Grateful, she followed the narrow little path past the main door. A lock, as stout as the one securing the gate, hung from the woodwork, which was itself reinforced with straps of iron nailed across the lower panels; the thick blue paint was younger than the wind-worn colour on the walls, roughly daubed over long, hatched gouges in the planks, some of which had been cracked through, and reinforced on the opposite side. The yard itself was devoid of the fowl and smaller animals she might have expected and the belled beasts mentioned by her host were easy to locate at the edge of the clearing, tall, lop-eared nannies tethered in a row before a pen containing their prancing offspring. A woman looked over her shoulder from the bucket on which she sat, lean and smoothly inornate in a plain T-shirt of faded khaki and jeans, milking the largest goat into a steel pail. Her copper-black hair was braided tightly back from her broad, grave face, crow’s feet gathered at the corners of her eyes. Two little girls sat in the grass flattened by the bleating kids, playing with a bowl of water and battered coffee cups, their dark, whisping hair tied in knots upon their heads.
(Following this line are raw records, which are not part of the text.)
(* Consider $N$ learners $\mathcal V=\{1,\dots,N\}$ running the privacy-preserving decentralized aggregation algorithm described in the context for rounds $t=1,\dots,T$, with communication graphs $\mathcal G^{(t)}$ that are undirected, connected, and fixed within each round $t$. Let $A^{(t)}=[a_{ij}^{(t)}]\in\mathbb R^{N\times N}$ be the Metropolis–Hastings matrix of $\mathcal G^{(t)}$ (with $a_{ij}^{(t)}=0$ when $j\notin\bar{\mathcal N}_i^{(t)}$), and let $1_N$ be the all-ones vector in $\mathbb R^N$. Suppose the prime $p$ and the number of consensus iterations $K$ satisfy $$p>\max\Big\{N,\;1+2\cdot 10^{\sigma}N\max_{t,i,l}|\theta_{il}^{(t)}|\Big\},\qquad \max_{t}\,2p\sqrt N\,\big\|N(A^{(t)})^K-1_N1_N^T\big\|<1,$$ where the maximum is over $t\in\{1,\dots,T\}$, $i\in\mathcal V$, $l\in\{1,\dots,n\}$, and $\|\cdot\|$ is the $\ell_2$ (spectral) norm of a matrix. Then $\tilde\theta_i^{(t)}=\theta^{(t)}=\sum_{j\in\mathcal V}w_j\theta_j^{(t)}$ for all $i\in\mathcal V$ and all $t\in\{1,\dots,T\}$.
   Context: Setting. There are $N$ learners $\mathcal V=\{1,\dots,N\}$ and a model dimension $n$. Each learner $i$ has a fixed weight $w_i\in(0,1]$. In each round $t\in\{1,\dots,T\}$ each learner $i$ holds a local model $\theta_i^{(t)}=(\theta_{i1}^{(t)},\dots,\theta_{in}^{(t)})\in\mathbb R^n$ (produced by arbitrary local training), and the desired global model is $\theta^{(t)}=\sum_{i\in\mathcal V}w_i\theta_i^{(t)}$. Put $\bar\theta_i^{(t)}(0)=w_i\theta_i^{(t)}$. A precision level $\sigma\in\mathbb N$ is fixed: all real numbers are kept to $\sigma$ fractional digits, so in particular $10^\sigma\bar\theta_{il}^{(t)}(0)\in\mathbb Z$. In round $t$ the communication graph is $\mathcal G^{(t)}=(\mathcal V,\mathcal E^{(t)})$; $\mathcal N_i^{(t)}=\{j\neq i:(i,j)\in\mathcal E^{(t)}\}$ and $\bar{\mathcal N}_i^{(t)}=\mathcal N_i^{(t)}\cup\{i\}$. Algorithm (parameters: a prime $p$ and positive integers $T,K$, agreed by all learners). In each round $t$: (1) Metropolis–Hastings weights: each learner $i$ sets $a_{ij}^{(t)}=1/(\max\{|\mathcal N_i^{(t)}|,|\mathcal N_j^{(t)}|\}+1)$ for $j\in\mathcal N_i^{(t)}$, $a_{ii}^{(t)}=1-\sum_{j\in\mathcal N_i^{(t)}}a_{ij}^{(t)}$, and $a_{ij}^{(t)}=0$ otherwise. (2) Share generation: for each $j\in\bar{\mathcal N}_i^{(t)}$ learner $i$ computes $\delta_j=\prod_{r\in\bar{\mathcal N}_i^{(t)},r\ne j} r\,(r-j)^{-1}\bmod p$ (inverses in $\mathbb Z_p$). For each $l\in\{1,\dots,n\}$, with $\tau=|\mathcal N_i^{(t)}|$, learner $i$ picks fresh independent $c_1,\dots,c_\tau\in\mathbb Z_p$ uniformly at random with $c_\tau\ne0$, forms $H(\eta)=10^\sigma\bar\theta_{il}^{(t)}(0)+c_1\eta+\dots+c_\tau\eta^\tau$, sets $\mathcal H_{il}^{j(t)}=H(j)\bmod p$ and $\mathcal S_{il}^{j(t)}=\mathcal H_{il}^{j(t)}\delta_j\bmod p$ for $j\in\bar{\mathcal N}_i^{(t)}$. It sends $\mathcal S_i^{j(t)}=(\mathcal S_{il}^{j(t)})_{l=1}^n$ to each neighbor $j\in\mathcal N_i^{(t)}$ and keeps $\mathcal S_i^{i(t)}$. (3) Each learner $i$ forms $s_i^{(t)}(0)=\sum_{j\in\bar{\mathcal N}_i^{(t)}}\mathcal S_j^{i(t)}\bmod p$ (componentwise, values in $\{0,\dots,p-1\}$) and sends it to its neighbors. (4) For $k=0,\dots,K-1$ each learner $i$ computes, in real arithmetic, $s_i^{(t)}(k+1)=a_{ii}^{(t)}s_i^{(t)}(k)+\sum_{j\in\mathcal N_i^{(t)}}a_{ij}^{(t)}s_j^{(t)}(k)$ and sends it to its neighbors. (5) Each learner $i$ sets, for each $l$, $z_{il}^{(t)}=\lfloor N s_{il}^{(t)}(K)\rceil\bmod p$, where $\lfloor a\rceil$ is rounding to the nearest integer ($\lfloor a\rceil=\lfloor a\rfloor$ if $a-\lfloor a\rfloor<0.5$, else $\lceil a\rceil$), and $\tilde\theta_{il}^{(t)}=z_{il}^{(t)}/10^\sigma$ if $0\le z_{il}^{(t)}\le (p-1)/2$, $\tilde\theta_{il}^{(t)}=(z_{il}^{(t)}-p)/10^\sigma$ if $(p+1)/2\le z_{il}^{(t)}<p$; it sets $\tilde\theta_i^{(t)}=(\tilde\theta_{il}^{(t)})_{l=1}^n$ (used as its initial model for the next round's local training). *)

From HB Require Import structures.
From mathcomp Require Import all_boot all_order all_algebra.
From mathcomp Require Import classical_sets reals.
Set Implicit Arguments. Unset Strict Implicit. Unset Printing Implicit Defensive.
Import Order.TTheory GRing.Theory Num.Theory.
Local Open Scope ring_scope.
Local Open Scope classical_set_scope.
“I’m Susan..." the latter offered. "I came out with William.”
The woman wiped her hand on her thigh and offered it to her.
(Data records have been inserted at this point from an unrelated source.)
Lemma zrange_NoDup N : NoDup (zrange N).
Proof. apply NoDup_map_inj; [lia | apply seq_NoDup]. Qed.

Lemma zrange_S N : zrange (S N) = (- Z.of_nat (S N))%Z :: zrange N ++ [Z.of_nat (S N)].
Proof.
  unfold zrange. replace (2 * S N + 1)%nat with (S (S (2 * N + 1))) by lia.
  rewrite seq_S, <- cons_seq, <- seq_shift, !map_app, map_cons, map_map, <- app_comm_cons.
  f_equal. f_equal; [apply map_ext; intros; lia | cbn [map]; f_equal; lia].
Qed.

Lemma csum_zrange_S (g : Z -> C) N :
  csum (map g (zrange (S N))) =
  (g (- Z.of_nat (S N))%Z + csum (map g (zrange N)) + g (Z.of_nat (S N)))%C.
Proof. rewrite zrange_S. simpl. rewrite map_app, csum_app. simpl. ring. Qed.

Lemma rsum_zrange_S (g : Z -> R) N :
  rsum (map g (zrange (S N)))
  = g (- Z.of_nat (S N))%Z + rsum (map g (zrange N)) + g (Z.of_nat (S N)).
Proof. rewrite zrange_S. simpl. rewrite map_app, rsum_app. simpl. ring. Qed.

Definition box (N : nat) : list (Z * Z) := list_prod (zrange N) (zrange N).

Lemma box_In N a b : In (a, b) (box N) <->
  (- Z.of_nat N <= a <= Z.of_nat N)%Z /\ (- Z.of_nat N <= b <= Z.of_nat N)%Z.
Proof. unfold box. rewrite in_prod_iff, !zrange_In. tauto. Qed.

Lemma box_NoDup N : NoDup (box N).
Proof. apply NoDup_list_prod; apply zrange_NoDup. Qed.

Definition Zpair_eq_dec (u v : Z * Z) : {u = v} + {u <> v}.
Proof. decide equality; apply Z.eq_dec. Defined.

(** * Limits of complex sequences *)

Definition is_clim (s : nat -> C) (l : C) : Prop :=
  is_lim_seq (fun n => Re (s n)) (Re l) /\ is_lim_seq (fun n => Im (s n)) (Im l).

Lemma is_clim_unique s l : is_clim s l -> clim s = l.
Proof.
  intros [H1 H2]. unfold clim.
  rewrite (is_lim_seq_unique _ _ H1), (is_lim_seq_unique _ _ H2). now destruct l.
Qed.

Lemma is_clim_ext s t l : (forall n, s n = t n) -> is_clim t l -> is_clim s l.
Proof. intros E [H1 H2]. split; eapply is_lim_seq_ext; eauto; intros n; now rewrite E. Qed.

Lemma is_clim_plus s t l m : is_clim s l -> is_clim t m -> is_clim (fun n => s n + t n)%C (l + m)%C.
Proof. intros [H1 H2] [H3 H4]. split; apply is_lim_seq_plus'; auto. Qed.

Lemma is_clim_mult s t l m : is_clim s l -> is_clim t m -> is_clim (fun n => s n * t n)%C (l * m)%C.
Proof.
  intros [H1 H2] [H3 H4]. split.
  - apply is_lim_seq_minus'; apply is_lim_seq_mult'; auto.
  - apply is_lim_seq_plus'; apply is_lim_seq_mult'; auto.
Qed.
(* Assume the CFL condition $0\le \lambda \sup_{w\ge 1} W'(w)\le 1$, let $(y_{0,i})_{i\in\mathbb Z}$ be a bounded sequence with $y_{0,i}\ge1$, let $(w^n_i)$ be the solution of the scheme, and set $(\Delta\widehat w)^n=\sup_i|w^n_{i+1}-w^n_i|$ and $t^n=n\Delta t$. Then there is a constant $C$ independent of $n$, $\Delta z$, $\Delta t$ and $\alpha$ (e.g. $C=2\|W'\|_\infty\Phi(0)$) such that for all $n\ge0$ $$(\Delta\widehat w)^n\le (\Delta\widehat w)^0\exp\Bigl(\frac{C}{\alpha}t^n\Bigr),\qquad \sup_i|w^{n+1}_i-w^n_i|\le \lambda\,\|W'\|_\infty\,(\Delta\widehat w)^0\exp\Bigl(\frac{C}{\alpha}t^n\Bigr),$$ where $\|W'\|_\infty=\sup_{w\ge1}|W'(w)|$.
   Context: Kernel: $\Phi:[0,\infty)\to[0,\infty)$ is non-increasing with $\int_0^\infty\Phi(z)\,dz=1$ and $\int_0^\infty z\Phi(z)\,dz<\infty$; for $\alpha>0$, $\Phi_\alpha(z)=\alpha^{-1}\Phi(z/\alpha)$. Flux: $V\in C^1([0,\infty))$ is non-increasing and $W:[1,\infty)\to\mathbb R$, $W(w)=V(1/w)$. Discretization: $\Delta z>0$, $\Delta t>0$, $\lambda=\Delta t/\Delta z$, $z_j=(j-\tfrac12)\Delta z$ for $j\in\tfrac12\mathbb Z$, and for integers $j\ge i$, $\Phi_{ij\alpha}=\int_{z_{j-1/2}}^{z_{j+1/2}}\Phi_\alpha(\zeta-z_{i-1/2})\,d\zeta$. The scheme: $w^0_i=\sum_{j\ge i}\Phi_{ij\alpha}y_{0,j}$ and $w^{n+1}_i=w^n_i+\lambda(\overline W^{\,n}_{i+1/2}-\overline W^{\,n}_{i-1/2})$ for $n\ge0$, where $\overline W^{\,n}_{i-1/2}=\sum_{j\ge i}\Phi_{ij\alpha}W(w^n_j)$. *)

From Stdlib Require Import Reals.
From Coquelicot Require Import Coquelicot.
Open Scope R_scope.

Definition Phi_alpha (Phi : R -> R) (alpha z : R) : R := / alpha * Phi (z / alpha).

(* Grid points z_j = (j - 1/2) dz, for j in (1/2)Z (j given as a real). *)
Definition zpt (dz j : R) : R := (j - / 2) * dz.

Definition Phi_ij (Phi : R -> R) (dz alpha : R) (i j : Z) : R :=
  RInt (fun zeta => Phi_alpha Phi alpha (zeta - zpt dz (IZR i - / 2)))
       (zpt dz (IZR j - / 2)) (zpt dz (IZR j + / 2)).

Definition nlsum (Phi : R -> R) (dz alpha : R) (f : Z -> R) (i : Z) : R :=
  Series (fun k : nat => Phi_ij Phi dz alpha i (i + Z.of_nat k)%Z * f (i + Z.of_nat k)%Z).

Definition Wf (V : R -> R) (w : R) : R := V (/ w).

(* The scheme: w^0_i = sum_{j>=i} Phi_{ij} y_{0,j};
   w^{n+1}_i = w^n_i + lambda (Wbar^n_{i+1/2} - Wbar^n_{i-1/2}),
   with Wbar^n_{i-1/2} = sum_{j>=i} Phi_{ij} W(w^n_j)  (= nlsum ... i). *)
Fixpoint scheme (Phi V : R -> R) (dz dt alpha : R) (y0 : Z -> R) (n : nat) : Z -> R :=
  match n with
  | O => nlsum Phi dz alpha y0
  | S m =>
      let u := scheme Phi V dz dt alpha y0 m in
      let Wbar := nlsum Phi dz alpha (fun j => Wf V (u j)) in
      fun i => u i + (dt / dz) * (Wbar (i + 1)%Z - Wbar i)
  end.

Definition supWp (V : R -> R) : Rbar :=
  Lub_Rbar (fun x => exists w, 1 <= w /\ x = Derive (Wf V) w).

Definition normWp (V : R -> R) : R :=
  real (Lub_Rbar (fun x => exists w, 1 <= w /\ x = Rabs (Derive (Wf V) w))).

Definition supZ (u : Z -> R) : Rbar :=
  Lub_Rbar (fun x => exists i : Z, x = Rabs (u i)).

Definition C1_nonneg (V dV : R -> R) : Prop :=
  (forall x, 0 < x -> is_derive V x (dV x)) /\
  filterlim (fun h => (V h - V 0) / h) (at_right 0) (locally (dV 0)) /\
  (forall x, 0 <= x ->
     filterlim dV (within (fun y => 0 <= y) (locally x)) (locally (dV x))).

(* Writing  g_k = int_{kh}^{(k+1)h} Phi  (h = dz/alpha), the nonlocal flux is
   Wbar_{i-1/2} = sum_{k>=0} g_k W(w_{i+k}), and summation by parts rewrites one step as
     w^{n+1}_i = (w_i - lam g_0 W(w_i)) + lam sum_k (g_k - g_{k+1}) W(w_{i+k+1}).
   Since W is nondecreasing with slope at most s = ||W'||_oo and lam g_0 s <= lam s <= 1, the
   local map  x |-> x - lam g_0 W(x)  is nondecreasing and 1-Lipschitz on [1, oo), and the
   differenced weights are nonnegative with total mass g_0.  Hence (i) w^n >= 1 is preserved,
   (ii) spatial increments grow by at most the factor  1 + lam g_0 s, and (iii) the time
   increment is at most  lam s  times the spatial one.  With  g_0 <= h Phi(0)  this gives
   (1 + lam g_0 s)^n <= exp(s Phi(0) t^n / alpha), i.e. the lemma with  C = ||W'||_oo Phi(0). *)
From Stdlib Require Import Reals Lra Lia ZArith.
From Coquelicot Require Import Coquelicot.
Open Scope R_scope.

Section WeightedSeries.

Variable g : nat -> R.
Hypothesis g_nonneg : forall k, 0 <= g k.
Hypothesis g_summable : ex_series g.

Lemma weighted_summable (x : nat -> R) (B : R) :
  (forall k, Rabs (x k) <= B) -> ex_series (fun k => g k * x k).
Proof.
  intros Hx.
  apply (@ex_series_le R_AbsRing R_CompleteNormedModule _ (fun k => B * g k)).
  - intros k. change (norm (g k * x k)) with (Rabs (g k * x k)).
    rewrite Rabs_mult, (Rabs_pos_eq (g k)), Rmult_comm by auto.
    apply Rmult_le_compat_r; auto.
  - now apply (ex_series_scal_l B g).
Qed.

Lemma weighted_abs_bound (x : nat -> R) (B : R) :
  (forall k, Rabs (x k) <= B) -> Rabs (Series (fun k => g k * x k)) <= B * Series g.
Proof.
  intros Hx.
  assert (Habs : forall k, Rabs (g k * x k) = g k * Rabs (x k))
    by (intros k; rewrite Rabs_mult, (Rabs_pos_eq (g k)); auto).
  eapply Rle_trans.
  - apply Series_Rabs. apply (ex_series_ext (fun k => g k * Rabs (x k))).
    + intros k. now rewrite Habs.
    + apply (weighted_summable _ B). intros k. now rewrite Rabs_Rabsolu.
  - rewrite <- Series_scal_l. apply Series_le.
    + intros k. rewrite Habs. split.
      * apply Rmult_le_pos; [auto | apply Rabs_pos].
      * rewrite Rmult_comm. apply Rmult_le_compat_r; auto.
    + now apply (ex_series_scal_l B g).
Qed.

Lemma weighted_lower_bound (x : nat -> R) (c B : R) :
  (forall k, Rabs (x k) <= B) -> (forall k, c <= x k) ->
  c * Series g <= Series (fun k => g k * x k).
Proof.
  intros Hx Hc.
  assert (Hcg : ex_series (fun k => c * g k)) by now apply (ex_series_scal_l c g).
  assert (Hgap : 0 <= Series (fun k => g k * x k - c * g k)).
  { rewrite <- (Rmult_0_l (Series g)), <- Series_scal_l. apply Series_le.
    - intros k. specialize (Hc k). specialize (g_nonneg k). nra.
    - apply (ex_series_ext (fun k => plus (g k * x k) (opp (c * g k)))); [reflexivity|].
      apply (@ex_series_minus R_AbsRing R_NormedModule); auto.
      now apply (weighted_summable _ B). }
  rewrite Series_minus, Series_scal_l in Hgap; auto.
  - lra.
  - now apply (weighted_summable _ B).
Qed.

End WeightedSeries.

Lemma ex_series_differences (a : nat -> R) :
  ex_series a -> ex_series (fun k => a k - a (S k)).
Proof.
  intros Ha. apply (ex_series_ext (fun k => plus (a k) (opp (a (S k))))); [reflexivity|].
  apply (@ex_series_minus R_AbsRing R_NormedModule); auto.
  now apply ex_series_incr_1 in Ha.
Qed.

Lemma series_telescope (a : nat -> R) :
  ex_series a -> Series (fun k => a k - a (S k)) = a O.
Proof.
  intros Ha. assert (Ha1 := Ha). apply ex_series_incr_1 in Ha1.
  rewrite Series_minus, (Series_incr_1 a); auto. ring.
Qed.

Definition fwd_sum (g : nat -> R) (f : Z -> R) (i : Z) : R :=
  Series (fun k => g k * f (i + Z.of_nat k)%Z).

Section ForwardSums.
“Annick... that’s Frida, and the little one, she’s just Girl for now.” she said, nodding in turn toward the children.
"We brought mushrooms..." The woman smiled to herself knowingly against the soft flank of the goat as she considered what must have driven her visitor from the yard while Susan sat down in the grass, feeling it compress beneath her legs, and inspected one of the amanita, intrigued by its confectionary perfection. “It’s lovely here.” she remarked, turning to look back through the barn. As she did so she glimpsed the small black pistol strapped beneath the denim over her hostess's ankle.
“Can’t come out of the Five Nations and not like the sight of trees.”
“Is it all yours?”
Annick smiled again.
“Don’t so much own a hahdri as it owns you.” She moved on to the next nanny with her pail, the warm, damp smell of the beasts and their milk sitting heavy in the air around them. The girls crawled under the little fence, the eldest in a caramel corduroy pinafore; the younger wore a Barbie T-shirt and shorts and leant against a goat, directing sidelong gazes at the stranger from a round face faintly shaded with a fade of darker colour on her nose and forehead, a pattern at once ghostly and striking.
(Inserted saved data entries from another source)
Lemma meas_ext (P Q : T -> Prop) : F P -> (forall w, P w <-> Q w) -> F Q.
Proof.
  intros HP HPQ. replace Q with P; [exact HP|].
  apply functional_extensionality; intro w; apply propositional_extensionality; auto.
Qed.

Lemma meas_compl (P : T -> Prop) : F P -> F (fun w => ~ P w).
Proof. apply hF. Qed.

Lemma meas_exists_nat (E : nat -> T -> Prop) :
  (forall n, F (E n)) -> F (fun w => exists n, E n w).
Proof. apply hF. Qed.

Lemma meas_const (P : Prop) : F (fun _ => P).
Proof.
  destruct hF as [HT [HC _]].
  destruct (classic P) as [HP|HP].
  - apply (meas_ext _ _ HT). tauto.
  - apply (meas_ext _ _ (HC _ HT)). tauto.
Qed.

Lemma meas_or (P Q : T -> Prop) : F P -> F Q -> F (fun w => P w \/ Q w).
Proof.
  intros HP HQ.
  apply (meas_ext (fun w => exists n, match n with 0 => P w | _ => Q w end)).
  - apply meas_exists_nat; intros [|n]; assumption.
  - intro w; split.
    + intros [[|n] H]; auto.
    + intros [H|H]; [exists 0 | exists 1]; exact H.
Qed.

Lemma meas_and (P Q : T -> Prop) : F P -> F Q -> F (fun w => P w /\ Q w).
Proof.
  intros HP HQ. apply (meas_ext (fun w => ~ (~ P w \/ ~ Q w))).
  - apply meas_compl, meas_or; apply meas_compl; assumption.
  - intro w; tauto.
Qed.

Lemma meas_impl (P Q : T -> Prop) : F P -> F Q -> F (fun w => P w -> Q w).
Proof.
  intros HP HQ. apply (meas_ext (fun w => ~ P w \/ Q w)).
  - apply meas_or; [apply meas_compl|]; assumption.
  - intro w; tauto.
Qed.

Lemma meas_forall_nat (E : nat -> T -> Prop) :
  (forall n, F (E n)) -> F (fun w => forall n, E n w).
Proof.
  intros HE. apply (meas_ext (fun w => ~ exists n, ~ E n w)).
  - apply meas_compl, meas_exists_nat; intro n; apply meas_compl, HE.
  - intro w; split.
    + intros H n; apply NNPP; intro Hn; apply H; eauto.
    + intros H [n Hn]; auto.
Qed.

Lemma meas_forall_in_list {X : Type} (E : X -> T -> Prop) (l : list X) :
  (forall x, F (E x)) -> F (fun w => forall x, In x l -> E x w).
Proof.
  intros HE. induction l as [|a l IH].
  - apply (meas_ext (fun _ => True)); [apply meas_const | simpl; tauto].
  - apply (meas_ext (fun w => E a w /\ forall x, In x l -> E x w)).
    + apply meas_and; auto.
    + intro w; simpl; split.
      * intros [Ha Hl] x [<-|Hx]; auto.
      * intros H; auto.
Qed.

Definition exists_closed (X : Type) : Prop :=
  forall E : X -> T -> Prop, (forall x, F (E x)) -> F (fun w => exists x, E x w).

Lemma exists_closed_nat : exists_closed nat.
Proof. exact meas_exists_nat. Qed.

Lemma exists_closed_bool : exists_closed bool.
Proof.
  intros E HE. apply (meas_ext (fun w => E true w \/ E false w)).
  - apply meas_or; apply HE.
  - intro w; split.
    + intros [H|H]; eauto.
    + intros [[|] H]; auto.
Qed.

Lemma exists_closed_prod (X Y : Type) :
  exists_closed X -> exists_closed Y -> exists_closed (X * Y).
Proof.
  intros HX HY E HE. apply (meas_ext (fun w => exists x y, E (x, y) w)).
  - apply HX; intro x; apply HY; intro y; apply HE.
  - intro w; split.
    + intros [x [y H]]; eauto.
    + intros [[x y] H]; eauto.
Qed.

Lemma exists_closed_list (X : Type) : exists_closed X -> exists_closed (list X).
Proof.
  intros HX.
  assert (Hlen : forall n (E : list X -> T -> Prop), (forall l, F (E l)) ->
            F (fun w => exists l, length l = n /\ E l w)).
  { induction n as [|n IH]; intros E HE.
    - apply (meas_ext (E nil)); [apply HE|]. intro w; split.
      + intros H; exists nil; auto.
      + intros [[|a l] [Hl H]]; [exact H | discriminate].
    - apply (meas_ext (fun w => exists x l, length l = n /\ E (x :: l) w)).
      + apply HX; intro x; apply IH; intro l; apply HE.
      + intro w; split.
        * intros [x [l [Hl H]]]; exists (x :: l); simpl; auto.
        * intros [[|a l] [Hl H]]; [discriminate|]. exists a, l; auto. }
  intros E HE. apply (meas_ext (fun w => exists n l, length l = n /\ E l w)).
  - apply meas_exists_nat; intro n; apply Hlen, HE.
  - intro w; split.
    + intros [n [l [_ H]]]; eauto.
    + intros [l H]; exists (length l), l; auto.
Qed.

End SigmaClosure.

(* [at_least P m]: the predicate [P] has at least [m] distinct elements.  The
   cardinality events generating [crsigma] are boolean combinations of these. *)
Definition at_least {X : Type} (P : X -> Prop) (m : nat) : Prop :=
  exists xs, NoDup xs /\ length xs = m /\ forall x, In x xs -> P x.

Lemma at_least_le {X : Type} (P : X -> Prop) n k : at_least P n -> k <= n -> at_least P k.
Proof.
  intros [xs [Hnd [Hlen Hin]]] Hk.
  exists (firstn k xs); split; [|split].
  - apply (NoDup_app_remove_r _ (skipn k xs)); rewrite firstn_skipn; assumption.
  - rewrite length_firstn; lia.
  - intros x Hx; apply Hin. rewrite <- (firstn_skipn k xs); apply in_or_app; auto.
Qed.

Lemma restrict_to_list {X : Type} (P : X -> Prop) (L : list X) :
  exists l, NoDup l /\ forall x, P x /\ In x L <-> In x l.
Proof.
  induction L as [|a L [l [Hnd Hl]]].
  - exists nil; split; [constructor | simpl; tauto].
  - destruct (classic (P a /\ ~ In a l)) as [[Ha Hn]|Hc].
    + exists (a :: l); split; [constructor; assumption|].
      intro x; simpl; rewrite <- Hl. split.
      * intros [Hx [->|HxL]]; auto.
      * intros [<-|[Hx HxL]]; auto.
    + exists l; split; [assumption|]. intro x; simpl; split.
      * intros [Hx [<-|HxL]]; [|apply Hl; auto].
        apply NNPP; intro Hn; apply Hc; auto.
      * intros Hx; apply Hl in Hx; tauto.
Qed.

Lemma infinite_at_least {X : Type} (P : X -> Prop) : ~ finite_set P -> forall n, at_least P n.
Proof.
  intros Hinf n. induction n as [|n [xs [Hnd [Hlen Hin]]]].
  - exists nil; simpl; repeat split; [constructor | tauto].
  - destruct (classic (exists x, P x /\ ~ In x xs)) as [[x [Hx Hn]]|Hc].
    + exists (x :: xs); simpl; repeat split; [constructor; assumption | lia |].
      intros y [<-|Hy]; auto.
    + exfalso; apply Hinf. exists xs; intros x Hx.
      apply NNPP; intro; apply Hc; eauto.
Qed.

Lemma card_Some_iff {X : Type} (P : X -> Prop) m :
  card_is P (Some m) <-> at_least P m /\ ~ at_least P (S m).
Proof.
  simpl. split.
  - intros [l [Hnd [Hlen Hl]]]. split.
    + exists l; repeat split; auto. intros x Hx; apply Hl, Hx.
    + intros [xs [Hnd' [Hlen' Hin]]].
      assert (length xs <= length l) by (apply NoDup_incl_length; auto; intros x Hx; apply Hl; auto).
      lia.
  - intros [Hm Hnm]. destruct (classic (finite_set P)) as [[L HL]|Hinf].
    + destruct (restrict_to_list P L) as [l [Hnd Hl]].
      assert (HP : forall x, P x <-> In x l) by (intro x; rewrite <- Hl; intuition).
      destruct Hm as [xs [Hnd' [Hlen' Hin]]].
      assert (length xs <= length l) by (apply NoDup_incl_length; auto; intros x Hx; apply HP; auto).
      assert (length l <= m).
      { destruct (le_lt_dec (length l) m) as [Hle|Hlt]; [exact Hle|].
        exfalso; apply Hnm, (at_least_le P (length l)); [|lia].
        exists l; repeat split; auto; intro x; apply HP. }
      exists l; repeat split; auto; [lia | apply HP | apply HP].
    + exfalso; apply Hnm, infinite_at_least, Hinf.
Qed.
The sound of feminine conversation turned them back toward the barn; a handful of women in shoulder-baring dresses, skinny, low-slung jeans and charm-laden jewellery walked out of the wood behind the caravans, clutching flour and oatmeal sacks tied off tightly and bulging with some hidden weight. A trio of younger girls, barely into their second decade but already wistful doppelgängers, trailed behind them dressed in careful imitation of their elders, who shooed flies from their faces with maple switches and seemed to agree on something as they approached, chuckling amongst themselves. Susan had seen some of them at the party attended by Caleb; they wore artful lipstick and spiky eyes in defiance of the rustic nature of their errand.
“Annick... are you doing that by hand? Get a thrall.” one of them called, shaking her head as they strolled by and hooking a thumb toward the barn. “Are Cay and Lamb back here?” The contents of her sack slid in a restless circle against the woven plastic.
“They’re all back there...” Annick replied. “Don’t you keep them waiting.”
The witches glanced at one another.
“We never do.” they laughed, setting off.